Work request :: Everything from the line containing "intros Hs Hp Hd; unfold pi1_0." to the last line of the records must be returned verbatim; nothing else belongs in the output.
####
(* Let $\sigma\in(0,0.25]$, $\pi_0\in(0,1)$, $w>0$, and let $\psi(\pi)=w$ if $\pi\ge\pi_0$ and $\psi(\pi)=0$ otherwise (i.e. the threshold equals the prior). Define $\pi_1(1)=\frac{(1+4\sigma)\pi_0}{1+4\sigma\pi_0}$, $\pi_1(0)=\frac{(1-4\sigma)\pi_0}{1-4\sigma\pi_0}$, $\Phi(C,\sigma,\pi_0)=0.5+2\sigma\pi_0+(0.5+2\sigma\pi_0)\psi(\pi_1(1))+(0.5-2\sigma\pi_0)\psi(\pi_1(0))$ and $\Phi(S,\sigma,\pi_0)=0.5+\psi(\pi_0)$; the expert chooses the complex rule iff $\Phi(C,\sigma,\pi_0)\ge\Phi(S,\sigma,\pi_0)$. Then the expert chooses the complex rule if and only if $$w\le\frac{4\sigma\pi_0}{1-4\sigma\pi_0}.$$
   Context: Interpretation: the expert earns wage $w$ iff the posterior belief that he is competent is at least the prior $\pi_0$; the complex rule yields the correct action with probability $0.5+2\sigma$ if he is competent and $0.5$ otherwise, and the simple rule yields it with probability $0.5$ and reveals nothing. *)

From Stdlib Require Import Reals.
Open Scope R_scope.

Definition psi (pi0 w p : R) : R := if Rle_dec pi0 p then w else 0.

(* Posterior after a correct (1) / incorrect (0) outcome under the complex rule. *)
Definition pi1_1 (sigma pi0 : R) : R := ((1 + 4 * sigma) * pi0) / (1 + 4 * sigma * pi0).
Definition pi1_0 (sigma pi0 : R) : R := ((1 - 4 * sigma) * pi0) / (1 - 4 * sigma * pi0).

Definition PhiC (sigma pi0 w : R) : R :=
  1/2 + 2 * sigma * pi0
  + (1/2 + 2 * sigma * pi0) * psi pi0 w (pi1_1 sigma pi0)
  + (1/2 - 2 * sigma * pi0) * psi pi0 w (pi1_0 sigma pi0).

Definition PhiS (pi0 w : R) : R := 1/2 + psi pi0 w pi0.

Definition chooses_complex (sigma pi0 w : R) : Prop := PhiC sigma pi0 w >= PhiS pi0 w.

(** With the wage threshold equal to the prior, a success under the complex rule
    strictly raises the posterior above the prior and a failure strictly lowers it,
    so the complex rule pays [w] exactly after a success, i.e. with probability
    [1/2 + 2 sigma pi0], while the simple rule leaves the prior unchanged and always
    pays [w].  Choosing the complex rule thus amounts to
    [2 sigma pi0 >= (1/2 - 2 sigma pi0) w], which is the bound on [w]. *)

From Stdlib Require Import Reals Lra.
Open Scope R_scope.

Lemma Rdiv_mult_r_cancel (b c : R) : c <> 0 -> b / c * c = b.
Proof. intros Hc; field; exact Hc. Qed.

Lemma Rle_div_r_iff (a b c : R) : 0 < c -> (a <= b / c <-> a * c <= b).
Proof.
  intros Hc; rewrite <- (Rdiv_mult_r_cancel b c) at 2 by lra; split; intros H.
  - now apply Rmult_le_compat_r; [lra|].
  - now apply Rmult_le_reg_r with c.
Qed.

Lemma Rlt_div_r_iff (a b c : R) : 0 < c -> (a < b / c <-> a * c < b).
Proof.
  intros Hc; rewrite <- (Rdiv_mult_r_cancel b c) at 2 by lra; split; intros H.
  - now apply Rmult_lt_compat_r.
  - now apply Rmult_lt_reg_r with c.
Qed.

Lemma Rdiv_lt_l_iff (a b c : R) : 0 < c -> (b / c < a <-> b < a * c).
Proof.
  intros Hc; rewrite <- (Rdiv_mult_r_cancel b c) at 2 by lra; split; intros H.
  - now apply Rmult_lt_compat_r.
  - now apply Rmult_lt_reg_r with c.
Qed.

Lemma psi_ge (pi0 w p : R) : pi0 <= p -> psi pi0 w p = w.
Proof. intros H; unfold psi; destruct (Rle_dec pi0 p); [reflexivity | contradiction]. Qed.

Lemma psi_lt (pi0 w p : R) : p < pi0 -> psi pi0 w p = 0.
Proof. intros H; unfold psi; destruct (Rle_dec pi0 p); [lra | reflexivity]. Qed.

Lemma prior_lt_pi1_1 (sigma pi0 : R) :
  0 < sigma -> 0 < pi0 < 1 -> pi0 < pi1_1 sigma pi0.
Proof.
  intros Hs Hp; unfold pi1_1.
  assert (Hsp : 0 < sigma * pi0) by nra.
  apply Rlt_div_r_iff; nra.
Qed.

Lemma pi1_0_lt_prior (sigma pi0 : R) :
  0 < sigma -> 0 < pi0 < 1 -> 4 * sigma * pi0 < 1 -> pi1_0 sigma pi0 < pi0.
Proof.
  intros Hs Hp Hd; unfold pi1_0.
  assert (Hsp : 0 < sigma * pi0) by nra.
  apply Rdiv_lt_l_iff; nra.
Qed.

Lemma PhiC_threshold_prior (sigma pi0 w : R) :
  0 < sigma -> 0 < pi0 < 1 -> 4 * sigma * pi0 < 1 ->
  PhiC sigma pi0 w = 1/2 + 2 * sigma * pi0 + (1/2 + 2 * sigma * pi0) * w.
Proof.
  intros Hs Hp Hd; unfold PhiC.
  rewrite psi_ge by (apply Rlt_le, prior_lt_pi1_1; assumption).
  rewrite psi_lt by (apply pi1_0_lt_prior; assumption).
  ring.
Qed.

Lemma PhiS_threshold_prior (pi0 w : R) : PhiS pi0 w = 1/2 + w.
Proof. unfold PhiS; rewrite psi_ge by apply Rle_refl; reflexivity. Qed.

Theorem corollary3 (sigma pi0 w : R) :
  0 < sigma <= 1/4 -> 0 < pi0 < 1 -> 0 < w ->
  (chooses_complex sigma pi0 w <-> w <= (4 * sigma * pi0) / (1 - 4 * sigma * pi0)).
Proof.
  intros Hs Hp _.
  assert (Hd : 4 * sigma * pi0 < 1) by nra.
  unfold chooses_complex.
  rewrite PhiC_threshold_prior, PhiS_threshold_prior, Rle_div_r_iff by lra.
  lra.
Qed.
####
Completed task ::
  intros Hs Hp Hd; unfold pi1_0.
  assert (Hsp : 0 < sigma * pi0) by nra.
  apply Rdiv_lt_l_iff; nra.
Qed.

Lemma PhiC_threshold_prior (sigma pi0 w : R) :
  0 < sigma -> 0 < pi0 < 1 -> 4 * sigma * pi0 < 1 ->
  PhiC sigma pi0 w = 1/2 + 2 * sigma * pi0 + (1/2 + 2 * sigma * pi0) * w.
Proof.
  intros Hs Hp Hd; unfold PhiC.
  rewrite psi_ge by (apply Rlt_le, prior_lt_pi1_1; assumption).
  rewrite psi_lt by (apply pi1_0_lt_prior; assumption).
  ring.
Qed.

Lemma PhiS_threshold_prior (pi0 w : R) : PhiS pi0 w = 1/2 + w.
Proof. unfold PhiS; rewrite psi_ge by apply Rle_refl; reflexivity. Qed.

Theorem corollary3 (sigma pi0 w : R) :
  0 < sigma <= 1/4 -> 0 < pi0 < 1 -> 0 < w ->
  (chooses_complex sigma pi0 w <-> w <= (4 * sigma * pi0) / (1 - 4 * sigma * pi0)).
Proof.
  intros Hs Hp _.
  assert (Hd : 4 * sigma * pi0 < 1) by nra.
  unfold chooses_complex.
  rewrite PhiC_threshold_prior, PhiS_threshold_prior, Rle_div_r_iff by lra.
  lra.
Qed.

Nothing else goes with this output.